Ходят слухи, что перед болезнью он всё чаще видел во сне отца, который будто бы предупреждал его о грядущих бедах. И теперь некоторые близкие шёпотом обсуждают, что, возможно, та самая примета — не идти впереди гроба — всё же сработала.
Но что это — суеверие, совпадение или предчувствие, которое никто не сумел правильно понять?
Вечерами, когда в коридорах больницы стихал шум, и только редкие шаги медсестёр нарушали тишину, Филипп начинал ощущать странное присутствие. Сначала — лёгкий запах отцовских духов, тех самых, что он помнил ещё с детства. Потом — тихое покашливание, едва слышное, но до боли знакомое.
Он не говорил об этом врачам — опасался, что те решат, будто у него начались галлюцинации на фоне лекарств. Но в глубине души Филипп чувствовал: это не игра разума.
В одну из ночей он проснулся от того, что кто-то тихо позвал его по имени:
— Филя…
Голос был хриплый, чуть уставший, но родной. Открыв глаза, он увидел у окна тёмную фигуру, силуэт которой был удивительно похож на отца. Лунный свет, пробившийся сквозь жалюзи, выхватил из полумрака знакомый профиль.
— Папа? — прошептал он, с трудом поднявшись на локтях.
Силуэт медленно повернулся, и в тот момент сердце певца сжалось. Глаза — не тёплые, как раньше, а холодные, почти стеклянные. И голос уже звучал иначе, без прежней ласки:
— Ты нарушил. Теперь расплачивайся.
После этого всё исчезло, как будто растворилось в воздухе. Но на подушке остался крошечный лепесток розы — свежий, как только что сорванный.
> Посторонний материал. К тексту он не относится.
(* Let $\mathcal{X}$ be a Banach space with an unconditional basis $\mathcal{E}=\{e_n\}_{n\ge1}$, ordered by $\mathcal{E}$, and let $T$ be a positive operator whose matrix $A=(a_{n,m})_{n,m\in\mathbb{N}}$ with respect to $\mathcal{E}$ is tridiagonal. Then $T$ has no non-trivial closed invariant ideals if and only if $a_{n+1,n}\neq0$ and $a_{n,n+1}\ne0$ for every $n\in\mathbb{N}$.
   Context: The matrix of $T$ is given by $Te_m=\sum_n a_{n,m}e_n$; $T$ positive means $a_{n,m}\ge0$ for all $n,m$. Tridiagonal means $a_{n,m}=0$ whenever $|n-m|>1$. An ideal is a linear subspace $M$ such that $|x|\le|y|$ coordinatewise and $y\in M$ imply $x\in M$, where $|x|=\sum_n|x_n|e_n$. Non-trivial means different from $\{0\}$ and $\mathcal{X}$. *)

From HB Require Import structures.
From mathcomp Require Import all_boot all_order all_algebra.
From mathcomp Require Import all_classical all_reals all_analysis.
Set Implicit Arguments. Unset Strict Implicit. Unset Printing Implicit Defensive.
Import Order.TTheory GRing.Theory Num.Theory.
Import numFieldNormedType.Exports.
Local Open Scope classical_set_scope.
Local Open Scope ring_scope.

Section Defs.
Context {R : realType} {X : normedModType R}.

Definition unc_expansion (e : nat -> X) (c : nat -> R) (x : X) : Prop :=
  forall eps : R, 0 < eps -> exists s0 : seq nat,
    forall s : seq nat, uniq s -> {subset s0 <= s} ->
      `| x - \sum_(n <- s) c n *: e n | < eps.

Definition unconditional_basis (e : nat -> X) : Prop :=
  forall x : X, exists! c : nat -> R, unc_expansion e c x.

(* Ideal w.r.t. the coordinatewise order induced by the basis e:
   a linear subspace M such that |x| <= |y| coordinatewise and y in M
   imply x in M. *)
Definition is_ideal (e : nat -> X) (M : set X) : Prop :=
  [/\ M 0,
      (forall x y, M x -> M y -> M (x + y)),
      (forall (k : R) x, M x -> M (k *: x)) &
      (forall x y (c d : nat -> R), unc_expansion e c x -> unc_expansion e d y ->
         (forall n, `|c n| <= `|d n|) -> M y -> M x)].

End Defs.

(* The closed ideals we need are the bands vanishing_on P, of vectors whose
   coordinates vanish on an index set P.  They are ideals for purely
   algebraic reasons, but their closedness needs continuity of the
   coordinate functionals, which is where completeness enters: by Baire,
   one of the sets {x | all partial sums of x have norm <= j} is dense in a
   ball; rescaling and summing a geometric series of approximations then
   gives |x_k| |e_k| <= K |x| (coord_bound), as in the open mapping theorem.

   - If a_{n+1,n} = 0 (resp. a_{n,n+1} = 0), the matrix decouples along
     P = {k > n} (resp. {k <= n}), and vanishing_on P is a nontrivial closed
     T-invariant ideal (band_nontrivial_invariant).
   - Conversely, a nonzero invariant ideal contains a basis vector, then by
     the nonzero off-diagonal entries all of them, and being closed it is
     everything (invariant_ideal_full). *)

From HB Require Import structures.
From mathcomp Require Import all_boot all_order all_algebra.
From mathcomp Require Import all_classical all_reals all_analysis.
From mathcomp Require Import ring lra zify.
Import Order.TTheory GRing.Theory Num.Theory.
Import numFieldNormedType.Exports.
Local Open Scope classical_set_scope.
Local Open Scope ring_scope.
Set Implicit Arguments. Unset Strict Implicit. Unset Printing Implicit Defensive.

Section expansions.
Context {R : realType} {X : normedModType R} (e : nat -> X).

Lemma expansionD c d x y :
  unc_expansion e c x -> unc_expansion e d y ->
  unc_expansion e (fun n => c n + d n) (x + y).
Proof.
move=> hc hd eps eps0.
have [s1 H1] := hc _ (divr_gt0 eps0 (ltr0Sn _ 1)).
have [s2 H2] := hd _ (divr_gt0 eps0 (ltr0Sn _ 1)).
exists (s1 ++ s2) => s us sub.
rewrite (_ : _ - _ = (x - \sum_(n <- s) c n *: e n) + (y - \sum_(n <- s) d n *: e n)).
  apply: le_lt_trans (ler_normD _ _) _; rewrite (splitr eps).
  by apply: ltrD; [apply: H1 | apply: H2] => // z zs; apply: sub; rewrite mem_cat zs ?orbT.
rewrite addrACA -opprD -big_split /=; congr (_ - _).
by apply: eq_bigr => i _; rewrite scalerDl.
Qed.

Lemma expansionZ c x (k : R) :
  unc_expansion e c x -> unc_expansion e (fun n => k * c n) (k *: x).
Proof.
move=> hc eps eps0.
have k1 : 0 < `|k| + 1 by rewrite ltr_wpDl.
have [s0 H0] := hc _ (divr_gt0 eps0 k1).
exists s0 => s us sub.
rewrite (_ : k *: x - _ = k *: (x - \sum_(n <- s) c n *: e n)); last first.
  by rewrite scalerBr scaler_sumr; congr (_ - _); apply: eq_bigr => i _; rewrite scalerA.
rewrite normrZ; apply: (le_lt_trans (y := (`|k| + 1) * `|x - \sum_(n <- s) c n *: e n|)).
  by rewrite ler_wpM2r // lerDl.
by rewrite mulrC -ltr_pdivlMr //; exact: H0.
Qed.

Lemma expansion_basis_vector k : unc_expansion e (fun n => (n == k)%:R) (e k).
Proof.
move=> eps eps0; exists [:: k] => s us sub.
rewrite (bigD1_seq k) ?sub ?mem_seq1 //= eqxx scale1r big1 ?addr0 ?subrr ?normr0 //.
by move=> i /negbTE ->; rewrite scale0r.
Qed.

Lemma expansion0 : unc_expansion e (fun n => 0) 0.
Proof.
move=> eps eps0; exists [::] => s us sub.
by rewrite big1 ?subrr ?normr0 // => i _; rewrite scale0r.
Qed.

Lemma expansion_inj c x y :
  unc_expansion e c x -> unc_expansion e c y -> x = y.
Proof.
move=> hx hy; apply/eqP; rewrite -subr_eq0 -normr_le0.
apply/ler_addgt0Pr => eps eps0; rewrite add0r.
have [s1 H1] := hx _ (divr_gt0 eps0 (ltr0Sn _ 1)).
have [s2 H2] := hy _ (divr_gt0 eps0 (ltr0Sn _ 1)).
set s := undup (s1 ++ s2).
have us : uniq s := undup_uniq _.
rewrite (_ : x - y = (x - \sum_(n <- s) c n *: e n) - (y - \sum_(n <- s) c n *: e n)).
  apply: ltW; apply: le_lt_trans (ler_normB _ _) _; rewrite (splitr eps).
  by apply: ltrD; [apply: H1 | apply: H2] => // z zs; rewrite mem_undup mem_cat zs ?orbT.
by rewrite opprB addrA subrK.
Qed.

End expansions.

Section coordinates.
Context {R : realType} {X : normedModType R} {e : nat -> X}.
Hypothesis basis : unconditional_basis e.

Definition coord (x : X) : nat -> R := sval (cid (basis x)).

Lemma coordP x : unc_expansion e (coord x) x.
Proof. exact: (proj1 (svalP (cid (basis x)))). Qed.

Lemma coordE x c : unc_expansion e c x -> coord x = c.
Proof. exact: (proj2 (svalP (cid (basis x)))). Qed.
На следующий день состояние Киркорова неожиданно ухудшилось. Медики всерьёз заговорили об операции. Поклонники молились, коллеги отправляли цветы и письма поддержки, а в кулуарах шоу-бизнеса всё громче шептались, что певца преследует родовое проклятие.
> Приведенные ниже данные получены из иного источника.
(* Assume $|M|\ge 2$. Let $(T_{opt},B_{opt})$ be an optimal solution of an instance of MEMTCS and let $T_I$ be a minimum isotropic scattering tree for $M$. Then $(\Xi(T_I)+1)\,e_s+(|N(T_{opt})|-1)\,e_r\ \le\ 2\,\Pi(T_{opt},B_{opt})$.
   Context: Let $G=(V,E)$ be a finite, simple, undirected, connected graph with $|V|\ge 2$. Fix a positive integer $K$ and, for every $u\in V$, a nonempty set $\Gamma(u)\subseteq\{1,\dots,K\}$. For a tree $T$, $N(T)$ is its vertex set, $nb_T(u)$ the neighbours of $u$ in $T$, and $d^+(T)$ the set of vertices of degree greater than one in $T$; if $T$ is rooted, $nl(T)$ is its set of non-leaf vertices and $child(u,T)$ the set of children of $u$. A hitting set of a collection $\mathcal C$ of subsets of a finite set $\mathcal F$ is a subset of $\mathcal F$ meeting every member of $\mathcal C$. For a tree $T$ in $G$ and $u\in d^+(T)$, let $\Upsilon(u,T)$ be a minimum-cardinality hitting set of $\{\Gamma(v): v\in nb_T(u)\}$, and let $\Xi(T)=\sum_{u\in d^+(T)}|\Upsilon(u,T)|$. A minimum isotropic scattering tree $T_I$ for $M$ is a tree in $G$ with $M\subseteq N(T_I)$ minimizing $\Xi$ among all such trees. An instance of MEMTCS consists of $G,K,\Gamma$, a terminal set $M\subseteq V$, a source $s\in M$, and reals $e_s\ge e_r\ge 0$. A multicast tree is a subtree $T$ of $G$ with $M\subseteq N(T)$, rooted at $s$. A feasible schedule for $T$ is a function $B: nl(T)\to 2^{\{1,\dots,K\}}$ such that each $B(u)$ is a hitting set of $\{\Gamma(v): v\in child(u,T)\}$. Its cost is $\Pi(T,B)=\sum_{u\in nl(T)}|B(u)|\,e_s+(|N(T)|-1)\,e_r$. An optimal solution $(T_{opt},B_{opt})$ minimizes $\Pi$ over all pairs of a multicast tree and a feasible schedule for it. *)

From HB Require Import structures.
From mathcomp Require Import all_boot all_order all_algebra.
Set Implicit Arguments. Unset Strict Implicit. Unset Printing Implicit Defensive.
Import Order.TTheory GRing.Theory Num.Theory.

(* Channels {1..K} are represented by 'I_K (channel c+1 <-> ordinal c).
   A (sub)tree T of G is given by its vertex set S and its edge set
   ET : {set {set V}} (each edge an unordered pair {x,y}). *)

Section Defs.
Variables (V : finType) (e : rel V) (K : nat) (Gam : V -> {set 'I_K}).

Definition tadj (ET : {set {set V}}) : rel V :=
  fun x y => (x != y) && ([set x; y] \in ET).

Definition is_tree (S : {set V}) (ET : {set {set V}}) : Prop :=
  [/\ (forall E, E \in ET ->
         exists x y, [/\ x != y, e x y, x \in S, y \in S & E = [set x; y]]),
      S != set0,
      (forall x y, x \in S -> y \in S -> connect (tadj ET) x y) &
      #|ET| = (#|S| - 1)%N].

Definition nbT (ET : {set {set V}}) (u : V) : {set V} := [set v | tadj ET u v].

Definition dplus (S : {set V}) (ET : {set {set V}}) : {set V} :=
  [set u in S | 1 < #|nbT ET u|].

Definition hitting (A : {set V}) (H : {set 'I_K}) : bool :=
  [forall v in A, [exists c in H, c \in Gam v]].

(* minimum cardinality of a hitting set of {Gam v : v in A}
   (= |Upsilon|; setT is always a hitting set when all Gam v are nonempty) *)
Definition min_hit (A : {set V}) : nat :=
  #|[arg min_(H < setT | hitting A H) #|H|]|.

Definition Xi (S : {set V}) (ET : {set {set V}}) : nat :=
  (\sum_(u in dplus S ET) min_hit (nbT ET u))%N.

Definition childT (ET : {set {set V}}) (s u : V) : {set V} :=
  [set v | tadj ET u v && ~~ connect (tadj (ET :\ [set u; v])) s v].

Definition nlT (S : {set V}) (ET : {set {set V}}) (s : V) : {set V} :=
  [set u in S | childT ET s u != set0].

Definition feasible (S : {set V}) (ET : {set {set V}}) (s : V)
  (B : V -> {set 'I_K}) : Prop :=
  forall u, u \in nlT S ET s -> hitting (childT ET s u) (B u).

Definition multicast_tree (M S : {set V}) (ET : {set {set V}}) : Prop :=
  is_tree S ET /\ M \subset S.

Definition Pi (R : numDomainType) (es er : R) (S : {set V})
  (ET : {set {set V}}) (s : V) (B : V -> {set 'I_K}) : R :=
  ((\sum_(u in nlT S ET s) (#|B u|)%:R * es) + (#|S| - 1)%:R * er)%R.

End Defs.

From HB Require Import structures.
From mathcomp Require Import all_boot all_order all_algebra zify.
Import Order.TTheory GRing.Theory Num.Theory.

Set Implicit Arguments. Unset Strict Implicit.

(* In the optimal tree rooted at s, every neighbour of a vertex u is a child of
   u except possibly its parent, and s has no parent.  Adding one channel for
   the parent to B(u) therefore hits all of nb(u), so
   Xi(T_opt) <= sum_{u in nl} (|B u| + [u != s]) < 2 sum_{u in nl} |B u|,
   because s is a non-leaf and every |B u| >= 1.  Minimality of T_I gives
   Xi(T_I) + 1 <= 2 sum |B u|; the relay term is bounded trivially. *)

Lemma connect_rank (T : finType) (r : rel T) (x : T) :
  exists d : T -> nat,
    forall y, connect r x y -> y != x -> exists2 z, r z y & d z < d y.
Proof.
pose reach n y := [exists p : n.-tuple T, path r x p && (last x p == y)].
have reach_path p : path r x p -> reach (size p) (last x p).
  by move=> xp; apply/existsP; exists (in_tuple p); rewrite /= xp eqxx.
have ex_rank y : exists n, ~~ connect r x y || reach n y.
  case: (boolP (connect r x y)) => [/connectP[p xp ->]|]; last by exists 0.
  by exists (size p); rewrite reach_path.
exists (fun y => ex_minn (ex_rank y)) => y xy yx.
case: ex_minnP => m; rewrite xy /= => /existsP[p /andP[xp /eqP py]] _.
move: xp py (size_tuple p); case/lastP: (val p) => [/= _ py|q z].
  by rewrite py eqxx in yx.
rewrite rcons_path last_rcons size_rcons => /andP[xq qz] <- <-.
exists (last x q) => //; case: ex_minnP => k _ /(_ (size q)) le_kq.
by rewrite ltnS le_kq // reach_path ?orbT.
Qed.

Section TreeAdjacency.
Variable V : finType.
Implicit Type E : {set {set V}}.

Lemma tadj_sym E : symmetric (tadj E).
Proof. by move=> x y; rewrite /tadj eq_sym setUC. Qed.

Lemma connect_tadj_sym E : connect_sym (tadj E).
Proof. exact/sym_connect_sym/tadj_sym. Qed.

Lemma connect_tadjS E1 E2 x y :
  E1 \subset E2 -> connect (tadj E1) x y -> connect (tadj E2) x y.
Proof.
move=> sE; apply: connect_sub => a b /andP[ab abE].
by rewrite connect1 // /tadj ab (subsetP sE).
Qed.

Lemma connect_tadjD1 E a b x y : connect (tadj E) x y ->
  [|| connect (tadj (E :\ [set a; b])) x y,
      connect (tadj (E :\ [set a; b])) x a |
      connect (tadj (E :\ [set a; b])) x b].
Proof.
move=> xy; set F := tadj (E :\ [set a; b]).
pose P := [pred z | [|| connect F x z, connect F x a | connect F x b]].
have closedP : closed (tadj E) P.
  apply: intro_closed; first exact: connect_tadj_sym.
  move=> z w /andP[zw zwE]; rewrite !inE => /orP[xz|->]; last by rewrite orbT.
  have [ab|/negPf abn] := eqVneq [set z; w] [set a; b].
    have : z \in [set a; b] by rewrite -ab set21.
    by rewrite !inE => /orP[] /eqP zab; rewrite -zab xz ?orbT.
  have zwF : F z w by rewrite /F /tadj zw !inE abn zwE.
  by rewrite (connect_trans xz (connect1 zwF)).
by have := closed_connect closedP xy; rewrite !inE connect0 => <-.
Qed.

Lemma card_le_connected_edges E (S : {set V}) r :
  r \in S -> {in S, forall y, connect (tadj E) r y} -> #|S| <= #|E| + 1.
Proof.
move=> rS Sr; have [d rank] := connect_rank (tadj E) r.
pose parent y := odflt y [pick z | tadj E z y && (d z < d y)].
have parentP y : y \in S :\ r -> tadj E (parent y) y && (d (parent y) < d y).
  rewrite !inE /parent => /andP[yr yS]; case: pickP => [z -> //|none].
  by have [z zy dz] := rank y (Sr y yS) yr; move: (none z); rewrite zy dz.
pose edge y := [set y; parent y].
have edge_inj : {in S :\ r &, injective edge}.
  move=> y1 y2 y1S y2S e12; apply/eqP/negPn/negP => y12.
  have /andP[_ d1] := parentP _ y1S; have /andP[_ d2] := parentP _ y2S.
  have : y1 \in edge y2 by rewrite -e12 set21.
  have : y2 \in edge y1 by rewrite e12 set21.
  rewrite !inE eq_sym (negPf y12) /= => /eqP p1 /eqP p2.
  by move: d1 d2; rewrite -p1 -p2 => /ltn_trans/[apply]; rewrite ltnn.
have : edge @: (S :\ r) \subset E.
  apply/subsetP => _ /imsetP[y yS ->].
  by have /andP[/andP[_]] := parentP _ yS; rewrite setUC.
move/subset_leq_card; rewrite card_in_imset // => le_SE.
by rewrite (cardsD1 r S) rS addnC leq_add2r.
Qed.

End TreeAdjacency.

Section Tree.
Variables (V : finType) (e : rel V) (S : {set V}) (ET : {set {set V}}).
Hypothesis tree_T : is_tree e S ET.

Lemma tree_edge_ends a b : [set a; b] \in ET -> a \in S /\ b \in S.
Proof.
case: tree_T => edges _ _ _ /edges[x [y [_ _ xS yS xy]]].
have : a \in [set x; y] by rewrite -xy set21.
have : b \in [set x; y] by rewrite -xy set22.
by rewrite !inE => /orP[]/eqP-> /orP[]/eqP->.
Qed.

(* Otherwise S would stay connected with the |S| - 2 remaining edges. *)
Lemma tree_bridge a b :
  tadj ET a b -> ~~ connect (tadj (ET :\ [set a; b])) a b.
Proof.
move=> /andP[ab abE]; have [aS bS] := tree_edge_ends abE.
case: tree_T => _ _ conn cardE; apply/negP => ab_cut.
have a_reach : {in S, forall y, connect (tadj (ET :\ [set a; b])) a y}.
  move=> y yS; rewrite connect_tadj_sym.
  case/or3P: (connect_tadjD1 a b (conn y a yS aS)) => // yb.
  by rewrite (connect_trans yb) // connect_tadj_sym.
have := card_le_connected_edges aS a_reach.
have : #|[set a; b]| <= #|S|.
  by apply/subset_leq_card/subsetP => z; rewrite !inE => /orP[]/eqP->.
rewrite cards2 ab (cardsD1 [set a; b] ET) abE /= in cardE *.
by set X := #|ET :\ _| in cardE *; lia.
Qed.

Lemma tadj_root_child s v : tadj ET s v -> v \in childT ET s s.
Proof. by move=> sv; rewrite inE sv tree_bridge. Qed.

Lemma nonchild_uniq s u v1 v2 : tadj ET u v1 -> tadj ET u v2 ->
  v1 \notin childT ET s u -> v2 \notin childT ET s u -> v1 = v2.
Proof.
rewrite !inE => uv1 uv2; rewrite uv1 uv2 !negbK /= => sv1 sv2.
apply/eqP/negPn/negP => v12.
have su1 : ~~ connect (tadj (ET :\ [set u; v1])) s u.
  apply: contra (tree_bridge uv1) => su.
  by rewrite (connect_trans _ sv1) // connect_tadj_sym.
have su2 : ~~ connect (tadj (ET :\ [set u; v2])) s u.
  apply: contra (tree_bridge uv2) => su.
  by rewrite (connect_trans _ sv2) // connect_tadj_sym.
have e12 : [set u; v1] != [set u; v2].
  apply: contra v12 => /eqP e12; have : v1 \in [set u; v2] by rewrite -e12 set22.
  by case/andP: uv1; rewrite !inE eq_sym => /negPf->.
have v2u : tadj (ET :\ [set u; v1]) v2 u.
  by case/andP: uv2 => uv2' uv2E; rewrite tadj_sym /tadj uv2' !inE eq_sym e12.
have v1u : tadj (ET :\ [set u; v2]) v1 u.
  by case/andP: uv1 => uv1' uv1E; rewrite tadj_sym /tadj uv1' !inE e12.
have sub12 : ET :\ [set u; v2] :\ [set u; v1] \subset ET :\ [set u; v1].
  exact/setSD/subD1set.
case/or3P: (connect_tadjD1 u v1 sv2) => sx.
- by rewrite (connect_trans (connect_tadjS sub12 sx) (connect1 v2u)) in su1.
- by rewrite (connect_tadjS (subD1set _ _) sx) in su2.
- have := connect_trans (connect_tadjS (subD1set _ _) sx) (connect1 v1u).
  by rewrite (negPf su2).
Qed.

Lemma card_nbT_nonchild s u : #|nbT ET u :\: childT ET s u| <= (u != s).
Proof.
have [->|_] := eqVneq u s.
  rewrite leqn0 cards_eq0 setD_eq0.
  by apply/subsetP => v; rewrite inE => /tadj_root_child.
apply/card_le1_eqP => v1 v2 /setDP[uv1 nc1] /setDP[uv2 nc2].
rewrite !inE in uv1 uv2; exact: nonchild_uniq uv2 uv1 nc2 nc1.
Qed.

End Tree.

Section Hitting.
Variables (V : finType) (K : nat) (Gam : V -> {set 'I_K}).
Hypothesis Gam_ne : forall v, Gam v != set0.

Lemma min_hit_le A H : hitting Gam A H -> min_hit Gam A <= #|H|.
Proof.
move=> hitH; rewrite /min_hit; case: arg_minnP => [|H0 _ minH0]; last exact: minH0.
apply/forall_inP => v _; case/set0Pn: (Gam_ne v) => c cv.
by apply/exists_inP; exists c; rewrite ?inE.
Qed.

(* One extra channel per vertex of D hits whatever H misses. *)
Lemma min_hit_le_cover (A C D : {set V}) H :
  hitting Gam C H -> A \subset C :|: D -> min_hit Gam A <= #|H| + #|D|.
Proof.
move=> hitH sACD.
have /fin_all_exists[f fP] v : exists c, c \in Gam v by apply/set0Pn.
apply: leq_trans (min_hit_le (H := H :|: f @: D) _) _.
  apply/forall_inP => v /(subsetP sACD); rewrite inE => /orP[vC|vD].
    have /exists_inP[c cH cv] := forall_inP hitH v vC.
    by apply/exists_inP; exists c; rewrite ?inE ?cH.
  by apply/exists_inP; exists (f v); rewrite ?inE ?imset_f ?orbT.
by rewrite (leq_trans (leq_card_setU _ _)) ?leq_add2l ?leq_imset_card.
Qed.

End Hitting.

Section Schedule.
Variables (V : finType) (e : rel V) (K : nat) (Gam : V -> {set 'I_K}).
Hypothesis Gam_ne : forall v, Gam v != set0.
Variables (M S : {set V}) (ET : {set {set V}}) (s : V) (B : V -> {set 'I_K}).
Hypotheses (tree_T : is_tree e S ET) (sub_MS : M \subset S).
Hypotheses (s_in : s \in M) (M_ge2 : 1 < #|M|).
Hypothesis feasB : feasible Gam S ET s B.

Lemma dplus_sub_nlT : dplus S ET \subset nlT S ET s.
Proof.
apply/subsetP => u; rewrite !inE => /andP[-> nb_gt1] /=.
apply: contraTneq nb_gt1 => noC; rewrite -leqNgt.
by rewrite -[nbT ET u]setD0 -noC (leq_trans (card_nbT_nonchild tree_T s u)) ?leq_b1.
Qed.

Lemma min_hit_nbT_le u : u \in dplus S ET ->
  min_hit Gam (nbT ET u) <= #|B u| + (u != s).
Proof.
move=> ud; have hitB := feasB (subsetP dplus_sub_nlT u ud).
pose D := nbT ET u :\: childT ET s u.
apply: leq_trans (min_hit_le_cover Gam_ne (D := D) hitB _) _.
  by apply/subsetP => v vN; rewrite in_setU in_setD vN andbT orbN.
by rewrite leq_add2l (card_nbT_nonchild tree_T).
Qed.

Lemma Xi_le_schedule :
  Xi Gam S ET <= \sum_(u in nlT S ET s) (#|B u| + (u != s)).
Proof.
apply: (@leq_trans (\sum_(u in dplus S ET) (#|B u| + (u != s)))).
  exact: leq_sum min_hit_nbT_le.
apply: (sub_le_big leqnn (fun m n => leq_addr n m)).
exact/subsetP/dplus_sub_nlT.
Qed.

Lemma root_in_nlT : s \in nlT S ET s.
Proof.
have sS := subsetP sub_MS s s_in.
have /set0Pn[y] : M :\ s != set0.
  by have := M_ge2; rewrite (cardsD1 s M) s_in add1n ltnS card_gt0.
rewrite !inE sS => /andP[ys /(subsetP sub_MS) yS] /=.
case: tree_T => _ _ /(_ s y sS yS) /connectP[[|z p] /=].
  by move=> _ ysE; rewrite ysE eqxx in ys.
by case/andP=> sz _ _ _; apply/set0Pn; exists z; apply: (tadj_root_child tree_T).
Qed.

Lemma card_schedule_gt0 u : u \in nlT S ET s -> 0 < #|B u|.
Proof.
move=> unl; have /forall_inP hitB := feasB unl.
move: unl; rewrite inE => /andP[_ /set0Pn[v /hitB /exists_inP[c cB _]]].
by apply/card_gt0P; exists c.
Qed.

(* The root contributes [u != s] = 0 but |B s| >= 1, and [u != s] <= |B u|
   for the other non-leaves. *)
Lemma Xi_lt_twice_schedule : Xi Gam S ET < 2 * \sum_(u in nlT S ET s) #|B u|.
Proof.
apply: leq_ltn_trans Xi_le_schedule _; rewrite big_split /= mul2n -addnn ltn_add2l.
rewrite (bigD1 s root_in_nlT) [X in _ < X](bigD1 s root_in_nlT) /= eqxx.
rewrite add0n -add1n leq_add ?card_schedule_gt0 ?root_in_nlT //.
by apply: leq_sum => u /andP[unl _]; rewrite (leq_trans (leq_b1 _)) ?card_schedule_gt0.
Qed.

End Schedule.

Local Open Scope ring_scope.

Theorem mainTheorem13
  (R : realFieldType) (V : finType) (e : rel V)
  (e_sym : symmetric e) (e_irr : irreflexive e)
  (G_conn : forall x y : V, connect e x y) (V_ge2 : (2 <= #|V|)%N)
  (K : nat) (K_pos : (0 < K)%N) (Gam : V -> {set 'I_K})
  (Gam_ne : forall u, Gam u != set0)
  (M : {set V}) (s : V) (s_in : s \in M) (M_ge2 : (2 <= #|M|)%N)
  (es er : R) (er_ge0 : 0 <= er) (er_le_es : er <= es)
  (* optimal solution (T_opt, B_opt) *)
  (Sopt : {set V}) (ETopt : {set {set V}}) (Bopt : V -> {set 'I_K})
  (opt_tree : multicast_tree e M Sopt ETopt)
  (opt_feas : feasible Gam Sopt ETopt s Bopt)
  (opt_min : forall (S : {set V}) (ET : {set {set V}}) (B : V -> {set 'I_K}),
      multicast_tree e M S ET -> feasible Gam S ET s B ->
      Pi es er Sopt ETopt s Bopt <= Pi es er S ET s B)
  (* minimum isotropic scattering tree T_I for M *)
  (SI : {set V}) (ETI : {set {set V}})
  (TI_tree : is_tree e SI ETI) (TI_M : M \subset SI)
  (TI_min : forall (S : {set V}) (ET : {set {set V}}),
      is_tree e S ET -> M \subset S -> (Xi Gam SI ETI <= Xi Gam S ET)%N) :
  ((Xi Gam SI ETI).+1)%:R * es + (#|Sopt| - 1)%:R * er
    <= 2%:R * Pi es er Sopt ETopt s Bopt.
Proof.
have es_ge0 : 0 <= es := le_trans er_ge0 er_le_es.
have Xi_opt := Xi_lt_twice_schedule Gam_ne opt_tree.1 opt_tree.2 s_in M_ge2 opt_feas.
have Xi_TI := TI_min _ _ opt_tree.1 opt_tree.2.
rewrite /Pi mulrDr -mulr_suml -natr_sum mulrA -natrM; apply: lerD.
  by rewrite ler_wpM2r // ler_nat (leq_ltn_trans Xi_TI).
by rewrite ler_peMl ?mulr_ge0 // ler1n.
Qed.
Иосиф Пригожин, которому доверяли чуть больше, чем журналистам, однажды проговорился в приватной беседе:
— Знаете, что странно? Накануне похорон у Филиппа была возможность не идти впереди гроба. Его просили, уговаривали, даже машину подогнали, чтобы он ехал за процессией… но он упёрся. Сказал, что это долг сына. И вот с тех пор всё и пошло…
А в ту же ночь, по словам медсестры, в палате Киркорова вдруг заиграла старая пластинка — тихая, потрескивающая. Запись из далёкого прошлого, которую никто в больнице не мог включить: она просто не существовала ни на чьих устройствах.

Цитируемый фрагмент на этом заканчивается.